Account Receivable Turnover =

Net credit sales/Average receivable

$3,78,000/ $45,400

8.32 Times.

Note- Average receivables is $70,300 -$18,900(5%of credit sales)- $3,000-$3,000=$45,400

Average Collection Period=

365days/Account Receivable turnover ratio

365 days / 8.32

44 days

The Effect of Allowance for Doubtful Accounts on the financial statements is that it is first the contra asset account. It is shown on the Assets side of the Balance sheet below the accounts receivable line. It is the estimate of management to clear accounts receivable which are not in moving conditions means from whom money is not going to come in, its rather bad debts and providing (provision) for such accounts receivable is called allowance for doubtful accounts. Therefore its effect will be it would be shown as is listed as deduction immediately below the accounts receivable line item on the assets side of the balance sheet.

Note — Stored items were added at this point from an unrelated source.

Lemma periodic_points_common_period (g : I01 -> I01) (a b : R) :
  cont01 g -> pair_multi_transitive g -> 0 <= a < b -> b <= 1 ->
  exists q1 q2 M, (1 <= M)%nat /\ a < val01 q1 < val01 q2 /\ val01 q2 < b /\
    Nat.iter M g q1 = q1 /\ Nat.iter M g q2 = q2.
Proof.
  intros Hg Htr Hab Hb.
  destruct (periodic_point_in_interval g a ((a + b) / 2)) as [q1 [M1 [HM1 [Hq1 Hfix1]]]];
    auto; try lra.
  destruct (periodic_point_in_interval g ((a + b) / 2) b) as [q2 [M2 [HM2 [Hq2 Hfix2]]]];
    auto; try lra.
  exists q1, q2, (M1 * M2)%nat. split; [nia|]. split; [lra|]. split; [lra|].
  split; [now apply iter_fixed|].
  rewrite Nat.mul_comm. now apply iter_fixed.
Qed.

Definition holds_on_large_multiples (P : nat -> Prop) : Prop :=
  exists L B, (1 <= L)%nat /\ forall c, (B <= c)%nat -> P (L * c)%nat.

Lemma holds_on_large_multiples_forall (r : nat) (P : nat -> nat -> Prop) :
  (forall i, (1 <= i <= r)%nat -> holds_on_large_multiples (P i)) ->
  holds_on_large_multiples (fun t => forall i, (1 <= i <= r)%nat -> P i t).
Proof.
  induction r as [|r IH]; intros HP.
  - exists 1%nat, 0%nat. split; [lia|]. intros; lia.
  - destruct IH as [L1 [B1 [HL1 H1]]]; [intros i Hi; apply HP; lia|].
    destruct (HP (S r) ltac:(lia)) as [L2 [B2 [HL2 H2]]].
    exists (L1 * L2)%nat, (B1 + B2)%nat. split; [nia|].
    intros c Hc i Hi. destruct (Nat.eq_dec i (S r)) as [->|Hne].
    + replace (L1 * L2 * c)%nat with (L2 * (L1 * c))%nat by ring. apply H2. nia.
    + rewrite <- Nat.mul_assoc. apply H1; [nia | lia].
Qed.

Lemma eventually_spreads (g : I01 -> I01) (U : I01 -> Prop) :
  cont01 g -> pair_multi_transitive g -> open_nonempty01 U ->
  holds_on_large_multiples (fun t =>
    exists u v, U u /\ U v /\ d01 (Nat.iter t g u) (Nat.iter t g v) > 1 / 2).
Proof.
  intros Hg Htr HU.
  destruct (interval_in_open01 U HU) as [a [b [Hab [Hb HabU]]]].
  destruct (periodic_points_common_period g a b Hg Htr Hab Hb)
    as [q1 [q2 [M [HM [Hq1 [Hq2 [Hfix1 Hfix2]]]]]]].
  set (G := Nat.iter M g).
  pose proof (val01_range q1); pose proof (val01_range q2).
  destruct (pair_multi_transitive_iter g M HM Htr 1%nat
              (interval01 (val01 q1) (val01 q2)) (interval01 0 (1 / 4))
              (interval01 (val01 q1) (val01 q2)) (interval01 (3 / 4) 1))
    as [k [Hk [[x1 [Hx1 Hlow]] [x2 [Hx2 Hhigh]]]]];
    try apply open_nonempty01_interval; try lra; try lia.
  rewrite Nat.mul_1_l in Hlow, Hhigh. fold G in Hlow, Hhigh.
  unfold interval01 in *.
  exists M, (2 * k)%nat. split; auto. intros c Hc.
  destruct (iter_images_grow G q1 q2 (cont01_iter g M Hg) Hfix1 Hfix2 ltac:(lra)
              x1 ltac:(lra) k c ltac:(lia)) as [u [Hu HGu]].
  destruct (iter_images_grow G q1 q2 (cont01_iter g M Hg) Hfix1 Hfix2 ltac:(lra)
              x2 ltac:(lra) (2 * k) c ltac:(lia)) as [v [Hv HGv]].
  exists u, v. split; [apply HabU; unfold interval01; lra|].
  split; [apply HabU; unfold interval01; lra|].
  unfold d01. rewrite !iter_mul. fold G. rewrite HGu, HGv.
  unfold Rabs; destruct Rcase_abs; lra.
Qed.

Lemma periodic_period (f : nat -> I01 -> I01) :
  periodic f -> exists p, (1 <= p)%nat /\ forall n l, (1 <= n)%nat -> f (n + p * l)%nat = f n.
Proof.
  intros [p [Hp Hper]]. exists p. split; auto. intros n l Hn.
  pose proof (Nat.div_mod_eq (n - 1) p) as Hdiv.
  pose proof (Nat.mod_upper_bound (n - 1) p ltac:(lia)) as Hmod.
  set (j := ((n - 1) mod p + 1)%nat) in *; set (q := ((n - 1) / p)%nat) in *.
  assert (Hj : forall l', f (j + p * l')%nat = f j).
  { intros [|l']; [now rewrite Nat.mul_0_r, Nat.add_0_r | apply Hper; unfold j; lia]. }
  replace (n + p * l)%nat with (j + p * (q + l))%nat by (unfold j; nia).
  replace (f n) with (f (j + p * q)%nat) by (f_equal; unfold j; lia).
  now rewrite !Hj.
Qed.
(* [(s (s + a) L^2)' = L ((2s + a) L - 2a)] with [L = capacity a s], and the
   Padé bound makes the second factor nonnegative. *)
Lemma inv_capacity_derive_noninc s1 s2 :
  0 < s1 -> s1 <= s2 -> inv_capacity_derive a s2 <= inv_capacity_derive a s1.
Proof.
  intros Hs1 Hs12.
  set (E := fun s => s * (s + a) * capacity a s ^ 2).
  assert (HE : E s1 <= E s2).
  { apply (nondecreasing_of_derive_nonneg 0 E
             (fun s => capacity a s * ((2 * s + a) * capacity a s - 2 * a))); auto.
    - intros s Hs. unfold E, capacity.
      assert (0 < a / s) by (apply Rdiv_lt_0_compat; lra).
      auto_derive; [repeat split; lra |].
      unfold Rdiv. replace (/ (1 + a * / s)) with (s / (s + a)) by (field; lra).
      field. lra.
    - intros s Hs. apply Rmult_le_pos; [left; apply capacity_gt0, Hs |].
      assert (H := capacity_ge s Hs).
      apply (Rmult_le_compat_l (2 * s + a)) in H; [| lra].
      replace ((2 * s + a) * (2 * a / (2 * s + a))) with (2 * a) in H by (field; lra).
      lra. }
  assert (0 < E s1) by
    (unfold E; assert (0 < capacity a s1) by (apply capacity_gt0, Hs1);
     repeat apply Rmult_lt_0_compat; try apply pow_lt; lra).
  unfold inv_capacity_derive. fold (E s1) (E s2).
  unfold Rdiv. apply Rmult_le_compat_l; [lra |]. apply Rinv_le_contravar; lra.
Qed.

Lemma inv_capacity_concave s1 s2 t :
  0 < s1 -> 0 < s2 -> 0 <= t <= 1 ->
  t * / capacity a s1 + (1 - t) * / capacity a s2
    <= / capacity a (t * s1 + (1 - t) * s2).
Proof.
  apply (concave_of_derive_noninc 0 (fun s => / capacity a s) (inv_capacity_derive a)).
  - exact is_derive_inv_capacity.
  - exact inv_capacity_derive_noninc.
Qed.

End InvCapacity.

Lemma sumR_ext n f h : (forall k, (k < n)%nat -> f k = h k) -> sumR n f = sumR n h.
Proof.
  induction n as [| n IH]; simpl; intros Hfh; [reflexivity |].
  rewrite IH by (intros; apply Hfh; lia). rewrite Hfh by lia. reflexivity.
Qed.

Lemma sumR_le n f h : (forall k, (k < n)%nat -> f k <= h k) -> sumR n f <= sumR n h.
Proof.
  induction n as [| n IH]; simpl; intros Hfh; [lra |].
  apply Rplus_le_compat; [apply IH; intros; apply Hfh |apply Hfh]; lia.
Qed.

Lemma sumR_lin n t u f h :
  sumR n (fun k => t * f k + u * h k) = t * sumR n f + u * sumR n h.
Proof. induction n as [| n IH]; simpl; [| rewrite IH]; ring. Qed.
Lemma open_mulmx_box n (M : 'M[R]_(d, n)) (lo hi : 'I_n -> R) :
  open [set x : 'rV[R]_d | forall i, lo i < (x *m M) 0 i < hi i].
Proof.
rewrite openE => x Mx; rewrite /interior.
apply: (@filter_forall _ _ _ _ (nbhs_filter x)) => i.
have Mxi : ((x *m M) 0 i \in `]lo i, hi i[)%R by rewrite in_itv; apply: Mx.
exact: (@coord_mulmx_continuous n M i x _ (near_in_itvoo Mxi)).
Qed.

End Torus.

Section Cells.
Variables (R : realType) (d k n : nat) (U : 'M[int]_(d, n)) (A : 'M[int]_(d, k)).
Implicit Types (p c x y : 'rV[R]_d) (t : torus R d).

Local Notation udot i x := ((x *m mxR R U) 0 i).

Definition HHL_locus t0 : set (torus R d) :=
  [set t | Tphi R A t /\ intset R U t = intset R U t0].

(* The bound on x A forces an integral x A to vanish, i.e. puts x in L_R. *)
Definition cell_box c : set 'rV[R]_d :=
  [set x | (forall j, -1 < (x *m mxR R A) 0 j < 1) /\
           (forall i, (Num.ceil (udot i c) - 1)%:~R < udot i x
                      < (Num.floor (udot i c) + 1)%:~R)].

Lemma udotDz x (z : 'rV[int]_d) i :
  udot i (x + mxR R z) = udot i x + ((z *m U) 0 i)%:~R.
Proof. by rewrite mulmxDl -mxRM !mxE. Qed.

Lemma intset_piT x i : intset R U (piT R x) i <-> udot i x \is a Num.int.
Proof.
rewrite /intset /=; have [z ->] := piT_eq_shift (reprK (piT R x)).
by rewrite udotDz rpredDr ?intr_int.
Qed.

Lemma intset_piT_eqP x y : intset R U (piT R x) = intset R U (piT R y) <->
  forall i, (udot i x \is a Num.int) = (udot i y \is a Num.int).
Proof.
split=> [xy i | xy].
  by apply/idP/idP => /intset_piT; [rewrite xy | rewrite -xy] => /intset_piT.
by apply/seteqP; split=> i /intset_piT; [rewrite xy | rewrite -xy] => /intset_piT.
Qed.

Lemma Tphi_piT_LR p : LR R A p -> Tphi R A (piT R p).
Proof. by move=> /LRP pA; exists p; split=> // j; rewrite pA mxE rpred0. Qed.

Lemma cell_refl p : LR R A p -> cell R A U p p.
Proof. by split=> // i; apply: same_zcell_refl. Qed.

Lemma open_cell_box c : open (cell_box c).
Proof. by apply: openI; apply: open_mulmx_box. Qed.

Lemma cell_sub_box c : cell R A U c `<=` cell_box c.
Proof.
move=> x [/LRP xA xc]; split=> [j | i]; first by rewrite xA mxE; lra.
exact: same_zcell_itv (xc i).
Qed.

Difference between direct write off and allowance method is-

Under the direct write-off method, a bad debtis charged to expense as soon as it is apparent that an invoice will not be paid. Under the allowance method, an estimate of the future amount of bad debt is charged to a reserve account as soon as a sale is made. This results in the following differences between the two methods:

Timing. Bad debt expense recognition is delayed under the direct write-off method, while the recognition is immediate under the allowance method. This results in higher initial profits under the direct write-off method.
Accuracy. The exact amount of the bad debt expense is known under the direct write-off method since a specific invoice is being written off, while only an estimate is being charged off under the allowance method.
Receivable line item. The receivableline item in the balance sheet tends to be lower under the allowance method, since a reserve is being netted against the receivable amount.

Allowance method would be suitable for Bill because an estimate of the future amount of bad debt is charged to a reserve account as soon as a sale is made.

Accounts Receivable Aging (sometimes called an accounts receivable reconciliation) is a process of categorizing all the amounts owed by all customers, including the length of time the amounts have been outstanding (unpaid), thus you are considering their age, or "aging" this information. The standard categories for this type of report are:

Current - due immediately
1 - 30 days - due within the next 30 days
31-60 days - a month overdue
61 - 90 days - two months overdue
91 and over - more than two months overdue

If a customer has several bills that were incurred at different times, the report will show how much is due at what time. For example, for Jim Jones:

$230 30 days

$120 60 days

$390 Over 90 days.

The purpose of this accounts receivable aging is to show the business owner what receivables need to be dealt with more urgently because they have been overdue longer.

The Accounts Receivable Aging Report is a standard report provided with all business accounting software programs, including online systems.

An aging report is useful because it gives you a snapshot of the money that is outstanding and due to you by your customers. It also helps you identify customers that are falling behind on their payments – a clear sign of an underlying problem. Note that slow payments do notalways indicate financial problems; it could indicate a possible dispute or misunderstanding. Many companies use this report when planning collections calls and when trying to forecast their cash flow.